Ensuring robust and generalizable autonomous driving requires not only broad scenario coverage but also efficient repair of failure cases, particularly those related to challenging and safety-critical scenarios. However, existing scenario generation and selection methods often lack adaptivity and semantic relevance, limiting their impact on performance improvement. In this paper, we propose \textbf{SERA}, an LLM-powered framework that enables autonomous driving systems to self-evolve by repairing failure cases through targeted scenario recommendation. By analyzing performance logs, SERA identifies failure patterns and dynamically retrieves semantically aligned scenarios from a structured bank. An LLM-based reflection mechanism further refines these recommendations to maximize relevance and diversity. The selected scenarios are used for few-shot fine-tuning, enabling targeted adaptation with minimal data.
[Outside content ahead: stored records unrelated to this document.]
(* Let $K\ge 1$ and $T\ge 1$ be integers, let $\mathcal{K}=\{1,\dots,K\}$ and $\mathcal{T}=\{1,\dots,T\}$, and let prices $p_k(t)>0$ be given for all $k\in\mathcal{K}$, $t\in\mathcal{T}$. Write $S=\sum_{k\in\mathcal{K}}\sum_{t\in\mathcal{T}}p_k(t)$. Fix a user $n$ with parameters $\zeta_n>0$, budget $B_n\ge 0$ and minimum energy requirement $E_n^{\min}\ge 0$, and define $$d_{n,k}(t)=\frac{B_n+\zeta_n S}{KT\,p_k(t)}-\zeta_n,\qquad k\in\mathcal{K},\ t\in\mathcal{T}.$$ Then the demands $d_{n,k}(t)$ are feasible, i.e. they satisfy $d_{n,k}(t)\ge 0$ for all $k\in\mathcal{K}$, $t\in\mathcal{T}$, $\sum_{k\in\mathcal{K}}\sum_{t\in\mathcal{T}}p_k(t)d_{n,k}(t)\le B_n$, and $\sum_{k\in\mathcal{K}}\sum_{t\in\mathcal{T}}d_{n,k}(t)\ge E_n^{\min}$, if and only if $$B_n\ge \max\{f_{n,1},f_{n,2}\},$$ where $$f_{n,1}=\max_{k\in\mathcal{K},\,t\in\mathcal{T}}\zeta_n\bigl(KT\,p_k(t)-S\bigr),\qquad f_{n,2}=\frac{E_n^{\min}+\zeta_n KT}{\sum_{k\in\mathcal{K}}\sum_{t\in\mathcal{T}}\frac{1}{KT\,p_k(t)}}-\zeta_n S.$$
   Context: This arises in a demand response model with $K$ utility companies announcing prices $p_k(t)$ over $T$ periods; user $n$ chooses demands $d_{n,k}(t)$ to maximize $\gamma_n\sum_{k}\sum_{t}\ln(\zeta_n+d_{n,k}(t))$ subject to the budget constraint $\sum_k\sum_t p_k(t)d_{n,k}(t)\le B_n$, the minimum energy constraint $\sum_k\sum_t d_{n,k}(t)\ge E_n^{\min}$, and nonnegativity $d_{n,k}(t)\ge 0$; the displayed $d_{n,k}(t)$ is the maximizer obtained when the minimum energy constraint is ignored. *)

From mathcomp Require Import all_boot all_order all_algebra.
Set Implicit Arguments. Unset Strict Implicit. Unset Printing Implicit Defensive.
Import Order.TTheory GRing.Theory Num.Theory.
Local Open Scope ring_scope.

(* Numbers of companies K = K'.+1 >= 1 and periods T = T'.+1 >= 1;
   indices k : 'I_K'.+1, t : 'I_T'.+1 (0-based). *)
Section Defs.
Variables (R : realFieldType) (K' T' : nat).
Local Notation K := K'.+1.
Local Notation T := T'.+1.
Variable p : 'I_K -> 'I_T -> R.

Definition Ssum : R := \sum_(k < K) \sum_(t < T) p k t.

Definition KT : R := (K * T)%:R.

Definition demand (zeta B : R) (k : 'I_K) (t : 'I_T) : R :=
  (B + zeta * Ssum) / (KT * p k t) - zeta.

Definition feasible (zeta B Emin : R) : Prop :=
  [/\ (forall k t, 0 <= demand zeta B k t),
      \sum_(k < K) \sum_(t < T) p k t * demand zeta B k t <= B &
      Emin <= \sum_(k < K) \sum_(t < T) demand zeta B k t].

(* max over the nonempty index set, seeded with the (0,0) term *)
Definition f1 (zeta : R) : R :=
  \big[Num.max/zeta * (KT * p ord0 ord0 - Ssum)]_(k < K)
    \big[Num.max/zeta * (KT * p ord0 ord0 - Ssum)]_(t < T)
       (zeta * (KT * p k t - Ssum)).

Definition f2 (zeta Emin : R) : R :=
  (Emin + zeta * KT) / (\sum_(k < K) \sum_(t < T) (KT * p k t)^-1)
  - zeta * Ssum.
End Defs.

From mathcomp Require Import all_boot all_order all_algebra.
From mathcomp Require Import ring.
Import Order.TTheory GRing.Theory Num.Theory.
Local Open Scope ring_scope.

(* Write A = B + zeta S.  Then p_k(t) d_{n,k}(t) = A/KT - zeta p_k(t), so the
   expenditure always sums to exactly B and the budget constraint is
   automatic.  Each nonnegativity constraint reads A >= zeta KT p_k(t), i.e.
   B >= zeta (KT p_k(t) - S), and the total demand is A I - zeta KT with
   I = sum 1/(KT p_k(t)) > 0, which is at least Emin iff B >= f2. *)

Lemma sumr_ord_gt0 (R : numDomainType) n (F : 'I_n.+1 -> R) :
  (forall i, 0 < F i) -> 0 < \sum_i F i.
Proof.
move=> F_gt0; rewrite big_ord_recl ltr_pwDl //.
by apply: sumr_ge0 => i _; apply: ltW.
Qed.

Section Demand.
Variables (R : realFieldType) (K' T' : nat).
Local Notation K := K'.+1.
Local Notation T := T'.+1.
Variable p : 'I_K -> 'I_T -> R.
Hypothesis p_gt0 : forall k t, 0 < p k t.
Variable zeta : R.

Local Notation S := (Ssum p).
Local Notation KT := (KT R K' T').
Local Notation inv_price_sum := (\sum_(k < K) \sum_(t < T) (KT * p k t)^-1).

Lemma KT_gt0 : 0 < KT.
Proof. by rewrite ltr0n muln_gt0. Qed.

Lemma sum2_const (c : R) : \sum_(k < K) \sum_(t < T) c = KT * c.
Proof.
under eq_bigr do rewrite sumr_const card_ord.
by rewrite sumr_const card_ord -mulrnA mulr_natl mulnC.
Qed.

Lemma inv_price_sum_gt0 : 0 < inv_price_sum.
Proof.
do 2!apply: sumr_ord_gt0 => ?.
by rewrite invr_gt0 mulr_gt0 ?KT_gt0.
Qed.

Lemma price_demandE B k t :
  p k t * demand p zeta B k t = (B + zeta * S) / KT - zeta * p k t.
Proof.
rewrite /demand; move: (KT) KT_gt0 (p_gt0 k t) => c c_gt0 pkt_gt0.
by field; rewrite !gt_eqF.
Qed.

Lemma sum_price_demand B :
  \sum_(k < K) \sum_(t < T) p k t * demand p zeta B k t = B.
Proof.
under eq_bigr do under eq_bigr do rewrite price_demandE.
under eq_bigr do rewrite big_split /= sumrN.
rewrite big_split /= sumrN sum2_const mulrC divfK ?gt_eqF ?KT_gt0 //.
by under eq_bigr do rewrite -mulr_sumr; rewrite -mulr_sumr addrK.
Qed.

Lemma sum_demand B :
  \sum_(k < K) \sum_(t < T) demand p zeta B k t
  = (B + zeta * S) * inv_price_sum - zeta * KT.
Proof.
rewrite /demand.
under eq_bigr do rewrite big_split /= sumrN.
rewrite big_split /= sumrN sum2_const [KT * _]mulrC.
rewrite (@mulr_sumr _ _ _ _ _ (B + zeta * S)).
by under [in RHS]eq_bigr do rewrite (@mulr_sumr _ _ _ _ _ (B + zeta * S)).
Qed.

Lemma demand_ge0E B k t :
  (0 <= demand p zeta B k t) = (zeta * (KT * p k t - S) <= B).
Proof.
rewrite /demand subr_ge0 ler_pdivlMr ?mulr_gt0 ?KT_gt0 //.
by rewrite mulrBr lerBlDr.
Qed.

Lemma f1_leP B :
  reflect (forall k t, zeta * (KT * p k t - S) <= B) (f1 p zeta <= B).
Proof.
apply: (iffP (bigmax_leP _ _ _ _)) => [[_ le_f1] k t | le_B].
  by have /bigmax_leP[_] := le_f1 k isT; apply.
by split=> // k _; apply/bigmax_leP; split=> // t _.
Qed.

Lemma f2_leE B Emin :
  (f2 p zeta Emin <= B) = (Emin <= \sum_(k < K) \sum_(t < T) demand p zeta B k t).
Proof.
by rewrite sum_demand /f2 lerBlDr lerBrDr ler_pdivrMr ?inv_price_sum_gt0.
Qed.

End Demand.

Theorem theorem1 (R : realFieldType) (K' T' : nat)
  (p : 'I_K'.+1 -> 'I_T'.+1 -> R) (zeta B Emin : R) :
  (forall k t, 0 < p k t) -> 0 < zeta -> 0 <= B -> 0 <= Emin ->
  feasible p zeta B Emin <-> Num.max (f1 p zeta) (f2 p zeta Emin) <= B.
Proof.
move=> p_gt0 _ _ _; rewrite ge_max f2_leE //.
split=> [[demand_ge0 _ Emin_le] | /andP[/f1_leP le_f1 Emin_le]].
  by apply/andP; split=> //; apply/f1_leP => k t; rewrite -demand_ge0E.
split=> //; last by rewrite sum_price_demand.
by move=> k t; rewrite demand_ge0E.
Qed.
Experiments on the benchmark show that SERA consistently improves key metrics across multiple autonomous driving baselines, demonstrating its effectiveness and generalizability under safety-critical conditions.

Paper Structure

This paper contains 25 sections, 12 equations, 4 figures, 4 tables, 1 algorithm.

Figures (4)

  • Figure 1: Conceptual illustration of SERA. The system performs pre-evaluation to detect failure cases, leverages failure-aware scenario recommendation to retrieve vulnerable instances, and applies self-evolving scenario repair for targeted model adaptation. An example on the right shows a failure due to low-visibility collision that is successfully repaired through efficient fine-tuning, leading to improved decision-making under safety-critical conditions.
  • Figure 2: Overview of the proposed SERA framework.
  • Figure 3: Ability-wise success rate comparison of UniAD under different selection strategies (Random, Initial Rec., and Full SERA). Full SERA consistently improves performance across various driving abilities.
  • Figure 4: Qualitative comparison between VAD (red dashed borders) and SERA (green dashed borders) across various autonomous driving scenarios. Each column represents a future timestamp (t, t+1s, t+2s, t+3s), showing the behavioral differences between the two methods. SERA demonstrates more consistent and safer navigation compared to VAD.